New House Bill Taps DHS to Handle Infrastructure Security

 

Lungren said his bill would "make very explicit who should be in the driver's seat" when it comes to securing critical infrastructure. "In the civilian capacity, it ought to be DHS. This is such an important issue. It should not be left vague," he said.

The bill offers an alternative to the Rogers-Ruppersberger legislation approved last week by the House Intelligence Committee that would allow government agencies to share classified intelligence about cyber-attacks and threats with the private sector. Lundgren's bill would create a nonprofit National Information Sharing Organization to coordinate cyber-intelligence sharing between critical infrastructure operators, private companies, educational institutions and government agencies. NISO's board would be made up of 10 private-sector individuals representing critical infrastructure stakeholders and five federal officials, selected by the Secretary of Homeland Security.

 The fact that the bill puts a civilian agency in charge of cyber-security instead of the Defense Department is reassuring, Gregory Nojeim, a senior counsel for the Center for Democracy and Technology, said in his congressional testimony. While praising the absence of the "kill switch" for the Internet in which the government could shut down access online, Nojeim is still concerned about the extent of information that companies would share with the government. He recommended limits on the types of data that could be shared.
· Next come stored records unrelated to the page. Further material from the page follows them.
Lemma det_mxOver (R : comPzRingType) (S : subringClosed R) n (A : 'M[R]_n) :
  A \is a mxOver S -> \det A \in S.
Proof.
move=> /mxOverP AS; apply: rpred_sum => s _.
by rewrite rpredM ?rpredX ?rpredN1 // rpred_prod.
Qed.

Lemma adj_mxOver (R : comPzRingType) (S : subringClosed R) n (A : 'M[R]_n) :
  A \is a mxOver S -> \adj A \is a mxOver S.
Proof.
move=> AS; apply/mxOverP => i j; rewrite mxE rpredM ?rpredX ?rpredN1 ?det_mxOver //.
by apply/mxOverP => k l; rewrite !mxE; exact: (mxOverP AS).
Qed.

Section SpecialLinearIntegral.
Variables (R : realType) (n : nat).
Implicit Types A B : 'M[R]_n.

Lemma in_SLnZP A : in_SLnZ A <-> A \is a mxOver Num.int /\ \det A = 1.
Proof. by split=> -[Aint detA]; split=> //; apply/mxOverP. Qed.

Lemma in_SLnZ1 : in_SLnZ (1%:M : 'M[R]_n).
Proof. by apply/in_SLnZP; rewrite det1 mxOver_scalar ?rpred0 ?rpred1. Qed.

Lemma in_SLnZM A B : in_SLnZ A -> in_SLnZ B -> in_SLnZ (A *m B).
Proof.
move=> /in_SLnZP[Aint detA] /in_SLnZP[Bint detB]; apply/in_SLnZP.
by rewrite det_mulmx detA detB mulr1 mxOverM.
Qed.

Lemma in_SLnZ_invmx A : in_SLnZ A -> in_SLnZ (invmx A).
Proof.
move=> /in_SLnZP[Aint detA]; apply/in_SLnZP; rewrite det_inv detA invr1.
by rewrite /invmx unitmxE detA unitr1 invr1 scale1r adj_mxOver.
Qed.

End SpecialLinearIntegral.

Definition mx_abs_sum (R : numDomainType) a b (A : 'M[R]_(a, b)) : R :=
  \sum_i \sum_j `|A i j|.

Lemma mulmx_entry_le (R : realDomainType) a b c (A : 'M[R]_(a, b))
    (x : 'M[R]_(b, c)) e :
  0 <= e -> (forall k l, `|x k l| <= e) ->
  forall i j, `|(A *m x) i j| <= mx_abs_sum A * e.
Proof.
move=> e_ge0 xe i j; rewrite mxE; apply: le_trans (ler_norm_sum _ _ _) _.
apply: (@le_trans _ _ (\sum_k `|A i k| * e)).
  by apply: ler_sum => k _; rewrite normrM ler_wpM2l.
rewrite -mulr_suml ler_wpM2r // /mx_abs_sum (bigD1 i) //= lerDl.
by apply: sumr_ge0 => k _; apply: sumr_ge0.
Qed.

Lemma mxOver_int_isolated (R : realType) a b (A : 'M[R]_a) (x0 : 'M[R]_(a, b)) :
  A \in unitmx -> A *m x0 \is a mxOver Num.int ->
  exists2 d : R, 0 < d &
    forall x, ball x0 d x -> A *m x \is a mxOver Num.int -> x = x0.
Proof.
move=> A_unit x0Z; pose d := (mx_abs_sum A + 1)^-1.
have S_ge0 : 0 <= mx_abs_sum A by apply: sumr_ge0 => i _; apply: sumr_ge0.
have d_gt0 : 0 < d by rewrite invr_gt0 ltr_wpDl.
exists d => // x [_ x0x] xZ.
have Ax : A *m (x - x0) = 0.
  apply/matrixP => i j; rewrite [RHS]mxE; apply: int_num_norm_lt1.
    by rewrite mulmxBr (mxOverP (mxOverD xZ (mxOverN x0Z))).
  apply: le_lt_trans (mulmx_entry_le _ (ltW d_gt0) _ _ _) _.
    by move=> k l; rewrite !mxE distrC; apply/ltW/x0x.
  by rewrite /d ltr_pdivrMr ?mul1r ?ltrDl // ltr_wpDl.
by apply/eqP; rewrite -subr_eq0 -(mulKmx A_unit (x - x0)) Ax mulmx0.
Qed.
Lemma is_series_shift_scal (a : nat -> R) (l c : R) : is_series a l ->
  is_series (fun k => match k with O => 0 | S k' => c * a k' end) (c * l).
Proof.
  intros H. apply is_series_decr_1. simpl.
  match goal with |- is_series _ ?L => replace L with (scal c l) end.
  - exact (is_series_scal c a l H).
  - change (c * l = c * l + - 0). ring.
Qed.

Lemma is_series_ge0 (a : nat -> R) (l : R) : (forall k, 0 <= a k) -> is_series a l -> 0 <= l.
Proof.
  intros Ha H.
  apply (is_lim_seq_le (fun _ => 0) (sum_n a) 0 l); [|apply is_lim_seq_const|exact H].
  intros k. rewrite sum_n_Reals. now apply cond_pos_sum.
Qed.

Definition exp_term (z : R) (j : nat) : R := z ^ j / INR (fact j).

Definition e_mu_term (mu y : R) (m : nat) : R := y ^ m / gamma_mu mu m.

Lemma exp_term_ge0 z j : 0 <= z -> 0 <= exp_term z j.
Proof.
  intros Hz. unfold exp_term. apply Rmult_le_pos; [now apply pow_le|].
  left. apply Rinv_0_lt_compat, lt_0_INR, lt_O_fact.
Qed.

Lemma exp_term_S z j : exp_term z (S j) * INR (S j) = z * exp_term z j.
Proof.
  unfold exp_term. rewrite fact_simpl, mult_INR.
  pose proof (INR_fact_neq_0 j). pose proof (lt_0_INR (S j) (Nat.lt_0_succ j)).
  simpl pow. field. split; lra.
Qed.

Lemma is_series_exp_term z : is_series (exp_term z) (exp z).
Proof.
  eapply is_series_ext_R; [|apply (is_exp_Reals z)].
  intros j. unfold exp_term. now rewrite pow_n_pow.
Qed.

Lemma is_series_INR_exp_term z : is_series (fun j => INR j * exp_term z j) (z * exp z).
Proof.
  eapply is_series_ext_R; [|apply (is_series_shift_scal _ _ z (is_series_exp_term z))].
  intros [|j]; [simpl; ring|]. rewrite <- exp_term_S. ring.
Qed.

Lemma is_series_INR2_exp_term z :
  is_series (fun j => INR j ^ 2 * exp_term z j) (z * (z * exp z + exp z)).
Proof.
  eapply is_series_eq_R.
  - eapply is_series_ext_R; [|apply (is_series_shift_scal _ _ z
      (is_series_lincomb3 _ _ _ _ _ _ 1 1 0
         (is_series_INR_exp_term z) (is_series_exp_term z) (is_series_exp_term z)))].
    intros [|j]; [simpl; ring|].
    replace (INR (S j) ^ 2 * exp_term z (S j)) with (INR (S j) * (z * exp_term z j))
      by (rewrite <- exp_term_S; ring).
    rewrite S_INR. ring.
  - ring.
Qed.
In the MIT report, researchers acknowledged that cyber-attackers will succeed at some point. "Perfect protection from cyber-attacks is not possible," they wrote. "It is thus important for the involved government agencies (i.e., NIST, DOE, FERC, and DHS), working with the private sector in a coordinated fashion, to support the research necessary to develop best practices for response to and recovery from cyber-attacks on transmission and distribution systems, so that such practices can be widely deployed," the researchers added.

Fears about an attack on critical infrastructure have been around for years, but recently gained more attention as weaknesses in the supervisory control and data acquisitions systems monitoring infrastructure and other industrial control systems were identified. Just recently, an FBI official told attendees at a security conference in London that cyber-attackers had remotely breached the critical infrastructure of three U.S. cities but had not done anything malicious.

A 2011 report from the Electric Power Research Institute found that about $3.7 billion in investment would be needed to protect the grid from cyber-attacks, according to MIT researchers.

"Despite alarmist rhetoric, there is no crisis here. But we do not advise complacency," the researchers wrote.